NumPy built on Numeric which was primarily written by Jim Hugunin while he was
a grad student at MIT. While I was a professor at BYU, I wrote the the core of
NumPy with a lot of community input -- outside of my regular job. I sold a
book "Guide to NumPy" for a while that I used to replace the grants I should
have been writing and pay for a grad student to help write iterative solvers
for SciPy. Chuck Harris joined the NumPy effort early and has been steadily
contributing ever since without direct funding. Many others have contributed
volunteer time since then.

A major reason I started Continuum was to help create places where people
could get paid to write open-source. I am happy to say we have been doing this
for 5 years though mostly outside core NumPy itself (Numba, Dask, Bokeh,
conda, etc.) We are working to support many more open source projects more
generally -- and our devs have now made additional contributions to NumPy
itself. We have a thriving 40 person Community Innovation team at Continuum
supporting many open source projects. I expect this funding to help bring more
new people to the NumPy development ecosystem.
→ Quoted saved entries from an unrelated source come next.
(* Let $a,b,c,d,P_{\max}>0$ and set $\beta=b(1+dP_{\max})$. Consider the frontier curve $\Phi_1$, given as the graph of $$h(r_2)=\log_2\!\left(1+\frac{aP_{\max}}{1+\frac{b}{c}(1+dP_{\max})(2^{r_2}-1)}\right),\qquad r_2\ge0,$$ which expresses $r_1$ as a function of $r_2$. Let $P_2=\frac1c(1+dP_{\max})(2^{r_2}-1)$ be the corresponding power of user 2. Then $$\operatorname{sign}\big(h''(r_2)\big)=\operatorname{sign}(P_2-Q_2),$$ where $$Q_2=\frac{\Re\!\left(\sqrt{(c-\beta)(c-\beta+acP_{\max})}\right)-\beta}{cb}.$$ In particular, $\Phi_1$ restricted to $P_2\in[0,P_{\max}]$ is convex if $Q_2\le0$ and concave if $Q_2\ge P_{\max}$. If $0<Q_2<P_{\max}$, it has a non-stationary inflection point at $P_2=Q_2$.
   Context: The channel power gains are normalized by the noise variance: $a$ (direct gain of user 1), $b$ (interference gain from transmitter 2 at receiver 1), $c$ (direct gain of user 2), $d$ (interference gain from transmitter 1 at receiver 2). The rates are $R_1(P_1,P_2)=\log_2\!\left(1+\frac{aP_1}{1+bP_2}\right)$ and $R_2(P_1,P_2)=\log_2\!\left(1+\frac{cP_2}{1+dP_1}\right)$. The curve $\Phi_1$ is the set of rate pairs obtained with $P_1=P_{\max}$ and $P_2$ ranging over $[0,P_{\max}]$. $\Re$ denotes the real part. *)

From Stdlib Require Import Reals Lra.
Open Scope R_scope.

Definition log2 (x : R) : R := ln x / ln 2.

Definition sgn (x : R) : R :=
  if Rlt_dec 0 x then 1 else if Rlt_dec x 0 then -1 else 0.

(* Real part of the principal complex square root of a real number x:
   sqrt x if x >= 0, and 0 if x < 0 (the root is then purely imaginary). *)
Definition re_sqrt (x : R) : R := if Rle_dec 0 x then sqrt x else 0.

Definition hPhi1 (a b c d Pmax r2 : R) : R :=
  log2 (1 + a * Pmax / (1 + b / c * (1 + d * Pmax) * (Rpower 2 r2 - 1))).

Definition P2_of (c d Pmax r2 : R) : R := / c * (1 + d * Pmax) * (Rpower 2 r2 - 1).

Definition beta_of (b d Pmax : R) : R := b * (1 + d * Pmax).

Definition Q2_of (a b c d Pmax : R) : R :=
  let beta := beta_of b d Pmax in
  (re_sqrt ((c - beta) * (c - beta + a * c * Pmax)) - beta) / (c * b).

(* the rate r2 at which P2 = Pmax, i.e. the end of Phi_1 *)
Definition r2max (c d Pmax : R) : R := log2 (1 + c * Pmax / (1 + d * Pmax)).

Definition convex_on (f : R -> R) (lo hi : R) : Prop :=
  forall x y t, lo <= x <= hi -> lo <= y <= hi -> 0 <= t <= 1 ->
    f (t * x + (1 - t) * y) <= t * f x + (1 - t) * f y.

Definition concave_on (f : R -> R) (lo hi : R) : Prop :=
  forall x y t, lo <= x <= hi -> lo <= y <= hi -> 0 <= t <= 1 ->
    t * f x + (1 - t) * f y <= f (t * x + (1 - t) * y).

From Stdlib Require Import Reals Lra.
From Coquelicot Require Import Coquelicot.
Open Scope R_scope.

(* Write E = 2^r2, kappa = b/c (1 + d Pmax) = beta/c and
   Y = 1 + kappa (E - 1) = 1 + b P2.  Then h = log2 (1 + a Pmax / Y), and a
   direct computation gives
     h'  = - a Pmax kappa E / (Y (Y + a Pmax)),
     h'' = a Pmax ln2 kappa E (Y^2 + 2 (kappa-1) Y + (kappa-1) a Pmax)
           / (Y (Y + a Pmax))^2.
   Completing the square in c Y = beta E + (c - beta) turns the last factor
   into ((beta E)^2 - D) / c^2 with D = (c-beta)(c-beta+a c Pmax), while
   P2 - Q2 = (beta E - Re sqrt D) / (c b); since beta E > 0, both have the
   same sign.  As P2 is strictly increasing in r2, the sign of h'' changes
   at most once, at P2 = Q2, and the convexity statements follow from the
   classical "nonnegative second derivative implies convexity" argument. *)

Lemma sgn_cases (x : R) :
  (0 < x /\ sgn x = 1) \/ (x = 0 /\ sgn x = 0) \/ (x < 0 /\ sgn x = -1).
Proof.
  unfold sgn; destruct (Rlt_dec 0 x); [left; lra|].
  destruct (Rlt_dec x 0); right; [right|left]; lra.
Qed.

Lemma sgn_eq_iff (w z : R) :
  sgn w = sgn z -> (0 < w <-> 0 < z) /\ (w < 0 <-> z < 0).
Proof.
  intros E; destruct (sgn_cases w) as [Hw|[Hw|Hw]];
    destruct (sgn_cases z) as [Hz|[Hz|Hz]]; lra.
Qed.

Lemma sgn_mul_pos (p z : R) : 0 < p -> sgn (p * z) = sgn z.
Proof.
  intros Hp; destruct (sgn_cases z) as [[Hz Sz]|[[Hz Sz]|[Hz Sz]]];
    rewrite Sz; destruct (sgn_cases (p * z)) as [H|[H|H]]; nra.
Qed.

Lemma sgn_sq_sub_re_sqrt (t D : R) :
  0 < t -> sgn (t ^ 2 - D) = sgn (t - re_sqrt D).
Proof.
  intros Ht; unfold re_sqrt; destruct (Rle_dec 0 D) as [HD|HD].
  - pose proof (sqrt_sqrt D HD); pose proof (sqrt_pos D).
    replace (t ^ 2 - D) with ((t + sqrt D) * (t - sqrt D)) by nra.
    apply sgn_mul_pos; lra.
  - destruct (sgn_cases (t ^ 2 - D)) as [H|[H|H]];
      destruct (sgn_cases (t - 0)) as [H'|[H'|H']]; nra.
Qed.
(* Let $d\ge 2$ be even and fix a base $\theta>1$. Let $(u_j)_{j\ge 1}$ be a real sequence and let ${\bm v}\in\mathbb{R}^d$ with $\|{\bm v}\|_2=1$. For each $n\ge 1$ let $\boldsymbol{X}_n=\boldsymbol{u}_n{\bm v}^\top\in\mathbb{R}^{n\times d}$ with $\boldsymbol{u}_n=(u_1,\dots,u_n)^\top$. Assume: (i) there exist constants $0<c\le C<\infty$ with $c\le |u_j|\le C$ for all $j$; (ii) $\sum_{j=1}^{n-1}|u_{j+1}^2-u_j^2| = o(n)$ as $n\to\infty$; (iii) $e^{2i\theta_k}\neq 1$ for all $1\le k\le d/2$, and $e^{i(\theta_k+\theta_l)}\neq 1$, $e^{i(\theta_k-\theta_l)}\neq 1$ for all $k\neq l$. Then $$\lim_{n\to\infty}\frac{\mathrm{srank}(\mathcal{R}(\boldsymbol{X}_n))}{\mathrm{srank}(\boldsymbol{X}_n)}=\frac{2}{\max_{1\le k\le d/2}\alpha_k^2}\in[2,d],$$ where $\alpha_k:=\sqrt{v_{2k-1}^2+v_{2k}^2}$.
   Context: RoPE action: for $\boldsymbol{X}=[\boldsymbol{x}_1,\dots,\boldsymbol{x}_n]^\top\in\mathbb{R}^{n\times d}$ ($d$ even), $\mathcal{R}(\boldsymbol{X}):=[\boldsymbol{R}_1\boldsymbol{x}_1,\dots,\boldsymbol{R}_n\boldsymbol{x}_n]^\top$, where $\boldsymbol{R}_j=\mathrm{Diag}(\boldsymbol{R}_{j,\theta_1},\dots,\boldsymbol{R}_{j,\theta_{d/2}})\in\mathbb{R}^{d\times d}$ is block diagonal with $2\times2$ blocks $\boldsymbol{R}_{j,\theta_k}=\begin{bmatrix}\cos(j\theta_k)&-\sin(j\theta_k)\\ \sin(j\theta_k)&\cos(j\theta_k)\end{bmatrix}$ and frequencies $\theta_k=\theta^{-2(k-1)/d}$, $1\le k\le d/2$, for a base $\theta>1$. The stable rank of a nonzero matrix $\boldsymbol{X}$ is $\mathrm{srank}(\boldsymbol{X}):=\|\boldsymbol{X}\|_F^2/\|\boldsymbol{X}\|_2^2$, where $\|\cdot\|_F$ is the Frobenius norm and $\|\cdot\|_2$ the spectral norm. *)

From HB Require Import structures.
From mathcomp Require Import all_boot all_order all_algebra.
From mathcomp Require Import all_classical all_reals all_analysis.
Set Implicit Arguments. Unset Strict Implicit. Unset Printing Implicit Defensive.
Import Order.TTheory GRing.Theory Num.Theory.
Import numFieldNormedType.Exports.
Local Open Scope classical_set_scope.
Local Open Scope ring_scope.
The community also started NumFOCUS at this same time to be a community-run
foundation that could be a focal point for donations and support to projects
including NumPy.

Nathaniel Smith wrote a great proposal and put the effort into securing this
funding. It is real work to secure funding. I look forward to NumPy getting
better for the benefit of all because of this work.

------
theprop
Congratulations!! Nice work...looking for lots more math libraries :-D!

------
digitsman
Does anyone have a link to the text of the proposal?

------
ahmedfromtunis
I really wish I could help!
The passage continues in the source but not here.